Just last week, however, Techcrunch reported a scandal that rocked the vacation rental world, when one San Francisco homeowner had her apartment ransacked by a guest who booked a stay through Airbnb.
Upon return, the host discovered that the traveler had taken off with her camera, iPod, laptop (including external backup drive), her credit card, and her grandmother's jewelry. She reported the incident to the police, who made an arrest, and blogged about it on her site, ejroundtheworld.blogpost.com.
Since then, CNN reports that Brian Chesky, the CEO of Airbnb has announced a $50,000 guarantee to protect hosts' property, introduced a 24-hour customer support line starting next week, and ramped up its customer support team to 88 employees.

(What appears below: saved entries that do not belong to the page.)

(* Let $\alpha\in\mathbb{R}$ be transcendental over $\mathbb{Q}$ and let $K=\mathbb{Q}(\alpha)$. Identify each element of $K$ with the unique rational function $r\in\mathbb{Q}(x)$ such that the element equals $r(\alpha)$, and let $K^+$ be the set of those $r$ with $r(\alpha)>0$. Define $H_+=\{r\in K^+ : r'(\alpha)>0\}$, $H_0=\{r\in K^+ : r'(\alpha)=0\}$, $H_-=\{r\in K^+ : r'(\alpha)<0\}$, where $r'$ is the (formal) derivative of $r$. Then $H_+$, $H_0$, $H_-$ are pairwise disjoint, nonempty, each closed under addition and multiplication, and $K^+=H_+\sqcup H_0\sqcup H_-$. *)

From HB Require Import structures.
From mathcomp Require Import all_boot all_order all_algebra.
From mathcomp Require Import all_reals.
Set Implicit Arguments. Unset Strict Implicit. Unset Printing Implicit Defensive.
Import Order.TTheory GRing.Theory Num.Theory.
Local Open Scope ring_scope.

Notation Qx := {fraction {poly rat}}.

Definition transcendental (R : realType) (a : R) : Prop :=
  forall p : {poly rat}, p != 0 -> (map_poly (ratr : rat -> R) p).[a] != 0.

Definition fnum (r : Qx) : {poly rat} := \n_(repr r).
Definition fden (r : Qx) : {poly rat} := \d_(repr r).

Definition feval (R : realType) (a : R) (r : Qx) : R :=
  (map_poly (ratr : rat -> R) (fnum r)).[a] /
  (map_poly (ratr : rat -> R) (fden r)).[a].

Definition fderiv (r : Qx) : Qx :=
  FracField.tofrac ((fnum r)^`() * fden r - fnum r * (fden r)^`()) / FracField.tofrac ((fden r) ^+ 2).

Definition Kpos (R : realType) (a : R) (r : Qx) : Prop := 0 < feval a r.
Definition Hplus (R : realType) (a : R) (r : Qx) : Prop :=
  Kpos a r /\ 0 < feval a (fderiv r).
Definition Hzero (R : realType) (a : R) (r : Qx) : Prop :=
  Kpos a r /\ feval a (fderiv r) = 0.
Definition Hminus (R : realType) (a : R) (r : Qx) : Prop :=
  Kpos a r /\ feval a (fderiv r) < 0.

Definition closed_add_mul (P : Qx -> Prop) : Prop :=
  (forall r s, P r -> P s -> P (r + s)) /\ (forall r s, P r -> P s -> P (r * s)).

From mathcomp Require Import all_boot all_order all_algebra.
From mathcomp Require Import all_reals.
From mathcomp Require Import ring lra.
Set Implicit Arguments. Unset Strict Implicit. Unset Printing Implicit Defensive.
Import Order.TTheory GRing.Theory Num.Theory.
Local Open Scope ring_scope.

(* Since alpha is transcendental, no nonzero polynomial vanishes at alpha, so
   r |-> r(alpha) is a well-defined ring morphism on Q(x) and r |-> r'(alpha) is
   a derivation along it: (r + s)'(alpha) = r'(alpha) + s'(alpha) and
   (r s)'(alpha) = r'(alpha) s(alpha) + r(alpha) s'(alpha).  On K^+, where
   r(alpha) and s(alpha) are positive, both right-hand sides therefore have the
   common sign of r'(alpha) and s'(alpha).  The polynomials x + k, 1 and k - x,
   with k an integer above |alpha|, witness nonemptiness. *)

Local Notation "x %:F" := (@FracField.tofrac _ x) (format "x %:F").

Section FractionRepresentation.
Variable R : idomainType.

Lemma frac_numden (x : {fraction R}) : x = (\n_(repr x))%:F / (\d_(repr x))%:F.
Proof.
have d_neq0 : (\d_(repr x))%:F != 0 by rewrite tofrac_eq0 denom_ratioP.
apply: (canRL (mulfK d_neq0)); rewrite -{1}[x]reprK.
unlock FracField.tofrac; rewrite /GRing.mul /=.
apply: etrans (esym (FracField.pi_mul _ _)) _; apply/eqmodP => /=.
rewrite FracField.equivfE /FracField.mulf.
by rewrite !numden_Ratio ?mulf_neq0 ?oner_neq0 ?denom_ratioP // !mulr1 mulrC.
Qed.

Lemma tofrac_div_eq (n d m e : R) : d != 0 -> e != 0 ->
  n%:F / d%:F = m%:F / e%:F -> n * e = m * d.
Proof.
move=> d_neq0 e_neq0 nd_me; apply/eqP; rewrite -tofrac_eq !tofracM.
by rewrite -eqr_div ?tofrac_eq0 // nd_me.
Qed.

End FractionRepresentation.

Lemma fden_neq0 (r : Qx) : fden r != 0.
Proof. exact: denom_ratioP. Qed.

Lemma fracE (r : Qx) : r = (fnum r)%:F / (fden r)%:F.
Proof. exact: frac_numden. Qed.

Lemma fracD (r s : Qx) :
  r + s = (fnum r * fden s + fnum s * fden r)%:F / (fden r * fden s)%:F.
Proof.
rewrite {1}[r]fracE {1}[s]fracE addf_div ?tofrac_eq0 ?fden_neq0 //.
by rewrite tofracD !tofracM.
Qed.

Lemma fracM (r s : Qx) : r * s = (fnum r * fnum s)%:F / (fden r * fden s)%:F.
Proof. by rewrite {1}[r]fracE {1}[s]fracE mulf_div !tofracM. Qed.

Section EvaluationAtTranscendental.
Variables (R : realType) (a : R).
Hypothesis a_transcendental : transcendental a.

Lemma ratr_comm_a : commr_rmorph (ratr : rat -> R) a.
Proof. by move=> c; apply: mulrC. Qed.

Local Notation ev := (horner_morph ratr_comm_a).

Lemma ev_neq0 p : p != 0 -> ev p != 0.
Proof. exact: a_transcendental. Qed.

Definition quotient_rule (n d : {poly rat}) : R :=
  (ev n^`() * ev d - ev n * ev d^`()) / ev d ^+ 2.

Lemma feval_frac (n d : {poly rat}) : d != 0 -> feval a (n%:F / d%:F) = ev n / ev d.
Proof.
move=> d_neq0; set r := _ / _.
have := tofrac_div_eq d_neq0 (fden_neq0 r) (fracE r).
move=> /(congr1 ev); rewrite !rmorphM => cross.
by apply/eqP; rewrite /feval -/(ev _) -/(ev _) eqr_div ?ev_neq0 ?fden_neq0 // cross.
Qed.

Lemma quotient_rule_cross (F : fieldType) (n d m e n' d' m' e' : F) :
  d != 0 -> e != 0 -> n * e = m * d -> n' * e + n * e' = m' * d + m * d' ->
  (n' * d - n * d') / d ^+ 2 = (m' * e - m * e') / e ^+ 2.
Proof.
move=> d_neq0 e_neq0 cross cross'.
have -> : m' = (n' * e + n * e' - m * d') / d by rewrite cross'; field.
have -> : m = n * e / d by rewrite cross; field.
by field; rewrite e_neq0 d_neq0.
Qed.

(* Differentiating n e = m d shows that the quotient rule does not depend on
   the chosen representative of the fraction. *)
Lemma quotient_rule_eq (n d m e : {poly rat}) : d != 0 -> e != 0 ->
  n * e = m * d -> quotient_rule n d = quotient_rule m e.
Proof.
move=> d_neq0 e_neq0 cross.
have := congr1 ev (congr1 (@deriv _) cross); rewrite !derivM !rmorphD !rmorphM.
have := congr1 ev cross; rewrite !rmorphM.
exact: quotient_rule_cross (ev_neq0 d_neq0) (ev_neq0 e_neq0).
Qed.

Lemma feval_fderiv_frac (n d : {poly rat}) : d != 0 ->
  feval a (fderiv (n%:F / d%:F)) = quotient_rule n d.
Proof.
move=> d_neq0; set r := _ / _.
rewrite /fderiv feval_frac ?expf_neq0 ?fden_neq0 //.
rewrite rmorphB rmorphXn !rmorphM.
have cross := tofrac_div_eq d_neq0 (fden_neq0 r) (fracE r).
exact: esym (quotient_rule_eq d_neq0 (fden_neq0 r) cross).
Qed.

Lemma fevalE (r : Qx) : feval a r = ev (fnum r) / ev (fden r).
Proof. by []. Qed.

Lemma feval_fderivE (r : Qx) :
  feval a (fderiv r) = quotient_rule (fnum r) (fden r).
Proof. by rewrite {1}[r]fracE feval_fderiv_frac ?fden_neq0. Qed.

Lemma feval_tofrac (p : {poly rat}) : feval a p%:F = ev p.
Proof. by rewrite -[p%:F]divr1 -tofrac1 feval_frac ?oner_neq0 // rmorph1 divr1. Qed.

Lemma feval_fderiv_tofrac (p : {poly rat}) : feval a (fderiv p%:F) = ev p^`().
Proof.
rewrite -[p%:F]divr1 -tofrac1 feval_fderiv_frac ?oner_neq0 // /quotient_rule.
by rewrite derivC rmorph0 rmorph1 expr1n mulr0 subr0 mulr1 divr1.
Qed.

Lemma fevalD (r s : Qx) : feval a (r + s) = feval a r + feval a s.
Proof.
have := ev_neq0 (fden_neq0 r); have := ev_neq0 (fden_neq0 s).
rewrite [in LHS]fracD feval_frac ?mulf_neq0 ?fden_neq0 // !fevalE.
by rewrite rmorphD !rmorphM => s_neq0 r_neq0; field; rewrite r_neq0 s_neq0.
Qed.

Lemma fevalM (r s : Qx) : feval a (r * s) = feval a r * feval a s.
Proof.
have := ev_neq0 (fden_neq0 r); have := ev_neq0 (fden_neq0 s).
rewrite [in LHS]fracM feval_frac ?mulf_neq0 ?fden_neq0 // !fevalE.
by rewrite !rmorphM => s_neq0 r_neq0; field; rewrite r_neq0 s_neq0.
Qed.

Lemma feval_fderivD (r s : Qx) :
  feval a (fderiv (r + s)) = feval a (fderiv r) + feval a (fderiv s).
Proof.
have := ev_neq0 (fden_neq0 r); have := ev_neq0 (fden_neq0 s).
rewrite [in LHS]fracD feval_fderiv_frac ?mulf_neq0 ?fden_neq0 // !feval_fderivE.
rewrite /quotient_rule !derivD !derivM !rmorphD !rmorphM => s_neq0 r_neq0.
by field; rewrite r_neq0 s_neq0.
Qed.

Lemma feval_fderivM (r s : Qx) : feval a (fderiv (r * s)) =
  feval a (fderiv r) * feval a s + feval a r * feval a (fderiv s).
Proof.
have := ev_neq0 (fden_neq0 r); have := ev_neq0 (fden_neq0 s).
rewrite [in LHS]fracM feval_fderiv_frac ?mulf_neq0 ?fden_neq0 //.
rewrite !feval_fderivE !fevalE /quotient_rule !derivM !rmorphD !rmorphM.
by move=> s_neq0 r_neq0; field; rewrite r_neq0 s_neq0.
Qed.

Lemma Kpos_deriv_sign_closed (sgn : R -> Prop) :
  (forall x y, sgn x -> sgn y -> sgn (x + y)) ->
  (forall x y u v, 0 < u -> 0 < v -> sgn x -> sgn y -> sgn (x * v + u * y)) ->
  closed_add_mul (fun r => Kpos a r /\ sgn (feval a (fderiv r))).
Proof.
move=> sgnD sgnM; split=> r s [Fr Gr] [Fs Gs]; split.
- by rewrite /Kpos fevalD addr_gt0.
- by rewrite feval_fderivD; apply: sgnD.
- by rewrite /Kpos fevalM mulr_gt0.
- by rewrite feval_fderivM; apply: sgnM.
Qed.

Lemma Hplus_closed : closed_add_mul (Hplus a).
Proof. by apply: (@Kpos_deriv_sign_closed (fun x => 0 < x)) => *; nra. Qed.

Lemma Hzero_closed : closed_add_mul (Hzero a).
Proof.
apply: (@Kpos_deriv_sign_closed (fun x => x = 0)) => [x y -> -> | x y u v _ _ -> ->].
  by rewrite addr0.
by rewrite mul0r mulr0 addr0.
Qed.

Lemma Hminus_closed : closed_add_mul (Hminus a).
Proof. by apply: (@Kpos_deriv_sign_closed (fun x => x < 0)) => *; nra. Qed.

Lemma Hzero_witness : Hzero a 1.
Proof.
rewrite /Hzero /Kpos -tofrac1 feval_tofrac feval_fderiv_tofrac.
by rewrite derivC !rmorph1 rmorph0.
Qed.

Lemma exists_nat_gt_norm : exists k : nat, `|a| < k%:R.
Proof. by exists (Num.Def.archi_bound `|a|); apply: archi_boundP. Qed.

Lemma Hplus_witness : exists r, Hplus a r.
Proof.
have [k a_lt_k] := exists_nat_gt_norm.
exists ('X + k%:R%:P)%:F; rewrite /Hplus /Kpos feval_tofrac feval_fderiv_tofrac.
rewrite derivD derivX derivC addr0 rmorph1 rmorphD /=.
rewrite horner_morphX horner_morphC rmorph_nat.
by have := ler_norm (- a); rewrite normrN; split; lra.
Qed.

Lemma Hminus_witness : exists r, Hminus a r.
Proof.
have [k a_lt_k] := exists_nat_gt_norm.
exists (k%:R%:P - 'X)%:F; rewrite /Hminus /Kpos feval_tofrac feval_fderiv_tofrac.
rewrite derivB derivX derivC sub0r rmorphN rmorph1 rmorphB /=.
rewrite horner_morphX horner_morphC rmorph_nat.
by have := ler_norm a; split; lra.
Qed.

End EvaluationAtTranscendental.

Theorem proposition2p1 (R : realType) (a : R) (ha : transcendental a) :
  (* pairwise disjoint *)
  (forall r, ~ (Hplus a r /\ Hzero a r)) /\
  (forall r, ~ (Hplus a r /\ Hminus a r)) /\
  (forall r, ~ (Hzero a r /\ Hminus a r)) /\
  (* nonempty *)
  (exists r, Hplus a r) /\ (exists r, Hzero a r) /\ (exists r, Hminus a r) /\
  (* closed under addition and multiplication *)
  closed_add_mul (Hplus a) /\ closed_add_mul (Hzero a) /\ closed_add_mul (Hminus a) /\
  (* K^+ is the union *)
  (forall r, Kpos a r <-> (Hplus a r \/ Hzero a r \/ Hminus a r)).
Proof.
do 3 (split; first by move=> r [[_ ?] [_ ?]]; lra).
split; first exact: Hplus_witness.
split; first by exists 1; apply: Hzero_witness.
split; first exact: Hminus_witness.
split; first exact: Hplus_closed.
split; first exact: Hzero_closed.
split; first exact: Hminus_closed.
move=> r; split; last by case=> [[]|[[]|[]]].
by case: (ltrgtP (feval a (fderiv r)) 0) => ?; [right; right|left|right; left].
Qed.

Hosts will also be able to set custom "trust" parameters for bookings—individuals who don't meet these requirements won't be able to reserve the apartment. Trust is measured by things such as verified phone numbers, profile descriptions, and location information—learn more on the safety tips for hosts section of the Airbnb website.
The question now is—are these measures enough to restore trust in the service? The odds are certainly favorable—travelers have booked nearly 2 million nights in 190 countries through the online service Airbnb, and horror stories are rare. But, the fact that incidents are rare certainly isn't comforting to those unlucky enough to be the victims of fraud or theft.
So do you think that Airbnb is doing enough to protect consumers? If not, what would you like to see them do?